Aim of the task:
Exactly the lines from the opening of the data through the line containing "[/\ forall S" should be reproduced, please, with nothing added.

Given data:
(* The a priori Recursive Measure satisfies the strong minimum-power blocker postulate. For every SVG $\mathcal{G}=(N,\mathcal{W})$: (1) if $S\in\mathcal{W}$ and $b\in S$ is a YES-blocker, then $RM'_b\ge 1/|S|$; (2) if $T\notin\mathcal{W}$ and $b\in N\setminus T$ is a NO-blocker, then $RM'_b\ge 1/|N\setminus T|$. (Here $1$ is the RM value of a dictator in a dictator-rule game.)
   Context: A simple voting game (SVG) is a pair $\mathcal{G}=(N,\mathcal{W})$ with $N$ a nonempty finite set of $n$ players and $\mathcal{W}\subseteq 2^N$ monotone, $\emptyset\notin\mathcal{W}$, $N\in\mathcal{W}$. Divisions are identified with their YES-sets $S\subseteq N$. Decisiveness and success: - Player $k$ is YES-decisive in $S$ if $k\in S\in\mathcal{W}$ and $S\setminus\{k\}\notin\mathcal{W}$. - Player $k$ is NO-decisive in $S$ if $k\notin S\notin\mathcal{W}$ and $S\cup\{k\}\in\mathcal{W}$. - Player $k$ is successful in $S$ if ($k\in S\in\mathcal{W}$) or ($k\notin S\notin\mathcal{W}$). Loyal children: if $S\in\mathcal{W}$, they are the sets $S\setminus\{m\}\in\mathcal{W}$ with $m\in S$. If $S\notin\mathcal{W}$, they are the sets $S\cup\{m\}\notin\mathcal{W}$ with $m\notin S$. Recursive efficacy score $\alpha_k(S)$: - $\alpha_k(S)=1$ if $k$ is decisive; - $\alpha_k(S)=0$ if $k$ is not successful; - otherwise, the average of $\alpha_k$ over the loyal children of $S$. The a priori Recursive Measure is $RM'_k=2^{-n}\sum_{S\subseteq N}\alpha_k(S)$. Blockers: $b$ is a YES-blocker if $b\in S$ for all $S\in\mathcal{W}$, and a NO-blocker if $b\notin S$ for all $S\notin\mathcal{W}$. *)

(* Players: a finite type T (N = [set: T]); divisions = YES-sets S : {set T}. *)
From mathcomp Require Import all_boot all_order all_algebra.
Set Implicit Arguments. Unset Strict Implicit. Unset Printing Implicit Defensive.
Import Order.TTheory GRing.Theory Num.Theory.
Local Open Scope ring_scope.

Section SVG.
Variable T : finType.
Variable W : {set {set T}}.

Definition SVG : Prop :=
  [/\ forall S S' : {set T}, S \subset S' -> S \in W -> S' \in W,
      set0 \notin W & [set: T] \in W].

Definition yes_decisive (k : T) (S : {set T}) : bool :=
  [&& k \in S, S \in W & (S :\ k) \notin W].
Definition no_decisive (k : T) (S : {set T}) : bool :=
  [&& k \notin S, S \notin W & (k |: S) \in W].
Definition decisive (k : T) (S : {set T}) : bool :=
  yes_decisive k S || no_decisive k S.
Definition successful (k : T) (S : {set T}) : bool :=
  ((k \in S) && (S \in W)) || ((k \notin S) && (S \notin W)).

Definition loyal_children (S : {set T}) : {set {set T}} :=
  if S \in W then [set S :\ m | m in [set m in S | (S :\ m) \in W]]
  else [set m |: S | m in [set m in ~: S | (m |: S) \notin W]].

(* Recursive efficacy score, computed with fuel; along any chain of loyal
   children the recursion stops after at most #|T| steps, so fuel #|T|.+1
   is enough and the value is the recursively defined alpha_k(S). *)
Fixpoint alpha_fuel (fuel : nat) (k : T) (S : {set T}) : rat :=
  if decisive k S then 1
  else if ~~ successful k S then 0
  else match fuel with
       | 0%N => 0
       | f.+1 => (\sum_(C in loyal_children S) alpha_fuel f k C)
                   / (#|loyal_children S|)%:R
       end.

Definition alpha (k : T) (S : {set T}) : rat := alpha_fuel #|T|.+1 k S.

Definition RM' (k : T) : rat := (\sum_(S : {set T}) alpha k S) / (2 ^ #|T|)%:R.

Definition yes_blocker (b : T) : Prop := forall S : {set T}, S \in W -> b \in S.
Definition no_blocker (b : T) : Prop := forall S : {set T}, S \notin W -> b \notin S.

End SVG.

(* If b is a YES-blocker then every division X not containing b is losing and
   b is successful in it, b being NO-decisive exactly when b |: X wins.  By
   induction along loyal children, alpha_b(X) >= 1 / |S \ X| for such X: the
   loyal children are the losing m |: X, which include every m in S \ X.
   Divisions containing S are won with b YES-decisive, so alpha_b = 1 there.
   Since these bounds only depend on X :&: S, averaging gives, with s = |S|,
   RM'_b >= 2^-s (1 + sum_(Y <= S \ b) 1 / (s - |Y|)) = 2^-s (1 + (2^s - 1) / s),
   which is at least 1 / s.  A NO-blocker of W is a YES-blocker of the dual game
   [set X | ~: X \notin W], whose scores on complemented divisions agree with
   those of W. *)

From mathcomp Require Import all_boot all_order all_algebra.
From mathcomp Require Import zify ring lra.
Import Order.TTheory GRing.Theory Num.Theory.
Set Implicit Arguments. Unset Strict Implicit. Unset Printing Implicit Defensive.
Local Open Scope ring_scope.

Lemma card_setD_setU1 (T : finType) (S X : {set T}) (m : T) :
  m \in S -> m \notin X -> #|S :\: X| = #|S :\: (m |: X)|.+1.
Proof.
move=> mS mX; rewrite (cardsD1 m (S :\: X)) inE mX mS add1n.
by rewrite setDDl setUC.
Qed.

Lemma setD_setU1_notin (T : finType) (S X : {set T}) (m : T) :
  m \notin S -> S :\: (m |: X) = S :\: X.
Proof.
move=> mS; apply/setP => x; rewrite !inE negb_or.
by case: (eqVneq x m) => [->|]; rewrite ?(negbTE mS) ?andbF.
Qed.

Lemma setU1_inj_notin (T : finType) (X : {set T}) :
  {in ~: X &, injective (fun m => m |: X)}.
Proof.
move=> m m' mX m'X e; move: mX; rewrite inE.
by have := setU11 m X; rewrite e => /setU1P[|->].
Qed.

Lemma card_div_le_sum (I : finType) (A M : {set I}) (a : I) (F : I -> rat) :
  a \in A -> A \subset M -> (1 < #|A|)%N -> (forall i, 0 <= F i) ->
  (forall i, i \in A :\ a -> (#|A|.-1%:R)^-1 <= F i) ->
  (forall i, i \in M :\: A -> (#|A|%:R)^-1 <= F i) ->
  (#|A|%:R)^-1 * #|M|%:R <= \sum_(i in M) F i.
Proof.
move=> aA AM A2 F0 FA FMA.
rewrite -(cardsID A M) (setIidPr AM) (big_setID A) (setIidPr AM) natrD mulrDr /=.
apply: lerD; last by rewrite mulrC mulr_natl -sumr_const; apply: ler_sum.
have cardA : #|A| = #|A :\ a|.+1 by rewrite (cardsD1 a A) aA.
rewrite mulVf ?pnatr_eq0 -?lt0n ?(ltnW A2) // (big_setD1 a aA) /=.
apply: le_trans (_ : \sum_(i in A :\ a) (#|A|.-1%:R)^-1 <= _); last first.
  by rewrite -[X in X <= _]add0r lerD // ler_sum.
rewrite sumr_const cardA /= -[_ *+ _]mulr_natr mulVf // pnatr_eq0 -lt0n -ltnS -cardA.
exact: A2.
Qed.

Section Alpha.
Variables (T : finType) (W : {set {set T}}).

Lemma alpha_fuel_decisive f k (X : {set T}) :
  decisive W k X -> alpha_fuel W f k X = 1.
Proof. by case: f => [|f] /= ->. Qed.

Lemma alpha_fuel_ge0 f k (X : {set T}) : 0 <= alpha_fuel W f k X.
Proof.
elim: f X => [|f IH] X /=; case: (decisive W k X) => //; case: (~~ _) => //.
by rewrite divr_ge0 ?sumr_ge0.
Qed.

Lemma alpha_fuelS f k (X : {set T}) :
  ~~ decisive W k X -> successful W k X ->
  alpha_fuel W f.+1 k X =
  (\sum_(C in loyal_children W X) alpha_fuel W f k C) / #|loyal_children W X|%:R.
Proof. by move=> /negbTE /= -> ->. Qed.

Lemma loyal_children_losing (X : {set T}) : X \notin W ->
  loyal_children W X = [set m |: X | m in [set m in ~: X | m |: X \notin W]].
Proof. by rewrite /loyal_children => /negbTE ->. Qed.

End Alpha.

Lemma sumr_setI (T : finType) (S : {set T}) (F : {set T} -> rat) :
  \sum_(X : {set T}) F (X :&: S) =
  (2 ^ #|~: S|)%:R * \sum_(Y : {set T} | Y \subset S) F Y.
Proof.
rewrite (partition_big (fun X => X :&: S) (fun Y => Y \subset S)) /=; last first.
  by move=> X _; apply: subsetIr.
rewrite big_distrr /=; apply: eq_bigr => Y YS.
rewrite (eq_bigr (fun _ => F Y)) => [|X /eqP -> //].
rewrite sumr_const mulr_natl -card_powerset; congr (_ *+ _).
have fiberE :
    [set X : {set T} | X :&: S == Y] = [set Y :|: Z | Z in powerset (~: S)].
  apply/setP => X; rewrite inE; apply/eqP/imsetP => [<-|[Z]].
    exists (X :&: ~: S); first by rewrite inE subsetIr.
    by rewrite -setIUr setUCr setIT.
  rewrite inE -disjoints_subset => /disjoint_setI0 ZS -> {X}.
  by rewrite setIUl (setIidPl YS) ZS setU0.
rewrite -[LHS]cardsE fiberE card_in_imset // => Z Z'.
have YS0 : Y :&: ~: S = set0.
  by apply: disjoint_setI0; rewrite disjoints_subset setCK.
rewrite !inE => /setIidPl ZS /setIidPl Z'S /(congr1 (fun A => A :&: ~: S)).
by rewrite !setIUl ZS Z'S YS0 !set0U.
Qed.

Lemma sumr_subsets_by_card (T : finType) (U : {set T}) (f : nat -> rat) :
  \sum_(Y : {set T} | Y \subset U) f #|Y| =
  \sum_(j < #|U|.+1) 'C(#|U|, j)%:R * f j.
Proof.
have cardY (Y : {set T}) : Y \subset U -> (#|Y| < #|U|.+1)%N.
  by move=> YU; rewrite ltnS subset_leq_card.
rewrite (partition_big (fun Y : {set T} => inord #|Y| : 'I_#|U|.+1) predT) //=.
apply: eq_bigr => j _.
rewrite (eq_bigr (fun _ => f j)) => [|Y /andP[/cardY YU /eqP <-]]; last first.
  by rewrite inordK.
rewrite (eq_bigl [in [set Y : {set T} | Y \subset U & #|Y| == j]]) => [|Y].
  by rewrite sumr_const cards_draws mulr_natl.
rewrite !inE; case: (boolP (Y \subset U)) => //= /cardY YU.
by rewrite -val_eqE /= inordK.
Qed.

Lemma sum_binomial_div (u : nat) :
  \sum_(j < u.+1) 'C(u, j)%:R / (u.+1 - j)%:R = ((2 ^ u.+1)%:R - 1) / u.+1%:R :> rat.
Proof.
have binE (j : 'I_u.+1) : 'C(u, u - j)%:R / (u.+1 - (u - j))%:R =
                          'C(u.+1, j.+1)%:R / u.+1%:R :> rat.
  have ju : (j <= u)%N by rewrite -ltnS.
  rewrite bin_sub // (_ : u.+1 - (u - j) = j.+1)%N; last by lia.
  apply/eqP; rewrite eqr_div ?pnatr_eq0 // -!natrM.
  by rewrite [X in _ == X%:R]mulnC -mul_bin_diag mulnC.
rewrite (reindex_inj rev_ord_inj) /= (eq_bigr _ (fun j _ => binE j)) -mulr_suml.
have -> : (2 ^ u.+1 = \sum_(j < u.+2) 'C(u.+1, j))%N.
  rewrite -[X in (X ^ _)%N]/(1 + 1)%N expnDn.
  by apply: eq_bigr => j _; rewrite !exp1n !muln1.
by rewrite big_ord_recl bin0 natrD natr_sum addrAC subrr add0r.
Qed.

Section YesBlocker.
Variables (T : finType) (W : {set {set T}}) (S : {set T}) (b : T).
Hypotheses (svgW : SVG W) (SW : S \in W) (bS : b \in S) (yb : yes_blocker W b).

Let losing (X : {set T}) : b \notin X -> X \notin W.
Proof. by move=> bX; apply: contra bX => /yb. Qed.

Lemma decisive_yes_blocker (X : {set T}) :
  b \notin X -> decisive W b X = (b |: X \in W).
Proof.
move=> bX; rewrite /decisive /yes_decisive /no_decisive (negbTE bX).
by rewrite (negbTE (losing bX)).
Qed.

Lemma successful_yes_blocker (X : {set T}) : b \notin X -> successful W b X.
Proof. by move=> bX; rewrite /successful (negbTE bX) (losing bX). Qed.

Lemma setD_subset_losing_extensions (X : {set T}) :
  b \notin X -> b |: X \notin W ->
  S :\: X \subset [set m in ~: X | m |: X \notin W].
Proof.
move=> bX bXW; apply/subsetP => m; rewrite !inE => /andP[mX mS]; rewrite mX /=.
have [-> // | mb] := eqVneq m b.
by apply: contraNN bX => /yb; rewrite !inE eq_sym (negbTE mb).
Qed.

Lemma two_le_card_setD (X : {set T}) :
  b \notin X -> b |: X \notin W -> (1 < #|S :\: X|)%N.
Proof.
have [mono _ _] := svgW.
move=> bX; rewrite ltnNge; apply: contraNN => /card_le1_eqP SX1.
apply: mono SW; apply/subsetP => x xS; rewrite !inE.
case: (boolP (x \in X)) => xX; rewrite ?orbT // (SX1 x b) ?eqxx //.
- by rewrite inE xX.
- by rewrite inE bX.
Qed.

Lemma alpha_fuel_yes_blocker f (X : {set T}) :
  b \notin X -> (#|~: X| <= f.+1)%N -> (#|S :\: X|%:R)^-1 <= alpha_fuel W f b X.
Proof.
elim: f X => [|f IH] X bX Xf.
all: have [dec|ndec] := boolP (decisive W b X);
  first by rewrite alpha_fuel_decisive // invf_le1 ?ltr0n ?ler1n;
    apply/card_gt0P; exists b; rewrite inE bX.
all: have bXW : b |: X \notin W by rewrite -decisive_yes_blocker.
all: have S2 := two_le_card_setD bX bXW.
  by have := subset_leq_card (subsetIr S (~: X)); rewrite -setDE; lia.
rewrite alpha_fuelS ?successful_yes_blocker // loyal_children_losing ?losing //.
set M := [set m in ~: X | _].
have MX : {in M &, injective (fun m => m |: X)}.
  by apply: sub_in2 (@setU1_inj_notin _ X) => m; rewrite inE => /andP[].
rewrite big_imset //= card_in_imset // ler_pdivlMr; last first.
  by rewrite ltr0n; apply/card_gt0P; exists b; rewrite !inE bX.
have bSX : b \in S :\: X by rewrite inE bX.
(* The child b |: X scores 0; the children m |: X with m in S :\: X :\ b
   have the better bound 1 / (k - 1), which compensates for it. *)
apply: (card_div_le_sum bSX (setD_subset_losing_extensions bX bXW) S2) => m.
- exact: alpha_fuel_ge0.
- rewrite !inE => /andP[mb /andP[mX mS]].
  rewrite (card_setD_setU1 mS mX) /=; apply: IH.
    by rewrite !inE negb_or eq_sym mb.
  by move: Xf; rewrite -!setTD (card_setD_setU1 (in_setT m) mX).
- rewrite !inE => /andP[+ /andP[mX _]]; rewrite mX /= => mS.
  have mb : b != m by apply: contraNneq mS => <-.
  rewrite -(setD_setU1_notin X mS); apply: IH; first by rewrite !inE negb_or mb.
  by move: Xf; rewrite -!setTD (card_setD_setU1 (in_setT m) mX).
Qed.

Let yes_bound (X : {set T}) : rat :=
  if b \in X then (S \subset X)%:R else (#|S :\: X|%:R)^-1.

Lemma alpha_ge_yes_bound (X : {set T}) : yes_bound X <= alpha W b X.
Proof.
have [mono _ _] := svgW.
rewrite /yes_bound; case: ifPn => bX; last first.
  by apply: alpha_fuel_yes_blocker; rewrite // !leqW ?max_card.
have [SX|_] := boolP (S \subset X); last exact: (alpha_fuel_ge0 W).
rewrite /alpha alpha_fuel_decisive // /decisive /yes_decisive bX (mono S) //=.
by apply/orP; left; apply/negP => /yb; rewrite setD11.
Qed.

Output of the exercise:
(* The a priori Recursive Measure satisfies the strong minimum-power blocker postulate. For every SVG $\mathcal{G}=(N,\mathcal{W})$: (1) if $S\in\mathcal{W}$ and $b\in S$ is a YES-blocker, then $RM'_b\ge 1/|S|$; (2) if $T\notin\mathcal{W}$ and $b\in N\setminus T$ is a NO-blocker, then $RM'_b\ge 1/|N\setminus T|$. (Here $1$ is the RM value of a dictator in a dictator-rule game.)
   Context: A simple voting game (SVG) is a pair $\mathcal{G}=(N,\mathcal{W})$ with $N$ a nonempty finite set of $n$ players and $\mathcal{W}\subseteq 2^N$ monotone, $\emptyset\notin\mathcal{W}$, $N\in\mathcal{W}$. Divisions are identified with their YES-sets $S\subseteq N$. Decisiveness and success: - Player $k$ is YES-decisive in $S$ if $k\in S\in\mathcal{W}$ and $S\setminus\{k\}\notin\mathcal{W}$. - Player $k$ is NO-decisive in $S$ if $k\notin S\notin\mathcal{W}$ and $S\cup\{k\}\in\mathcal{W}$. - Player $k$ is successful in $S$ if ($k\in S\in\mathcal{W}$) or ($k\notin S\notin\mathcal{W}$). Loyal children: if $S\in\mathcal{W}$, they are the sets $S\setminus\{m\}\in\mathcal{W}$ with $m\in S$. If $S\notin\mathcal{W}$, they are the sets $S\cup\{m\}\notin\mathcal{W}$ with $m\notin S$. Recursive efficacy score $\alpha_k(S)$: - $\alpha_k(S)=1$ if $k$ is decisive; - $\alpha_k(S)=0$ if $k$ is not successful; - otherwise, the average of $\alpha_k$ over the loyal children of $S$. The a priori Recursive Measure is $RM'_k=2^{-n}\sum_{S\subseteq N}\alpha_k(S)$. Blockers: $b$ is a YES-blocker if $b\in S$ for all $S\in\mathcal{W}$, and a NO-blocker if $b\notin S$ for all $S\notin\mathcal{W}$. *)

(* Players: a finite type T (N = [set: T]); divisions = YES-sets S : {set T}. *)
From mathcomp Require Import all_boot all_order all_algebra.
Set Implicit Arguments. Unset Strict Implicit. Unset Printing Implicit Defensive.
Import Order.TTheory GRing.Theory Num.Theory.
Local Open Scope ring_scope.

Section SVG.
Variable T : finType.
Variable W : {set {set T}}.

Definition SVG : Prop :=
  [/\ forall S S' : {set T}, S \subset S' -> S \in W -> S' \in W,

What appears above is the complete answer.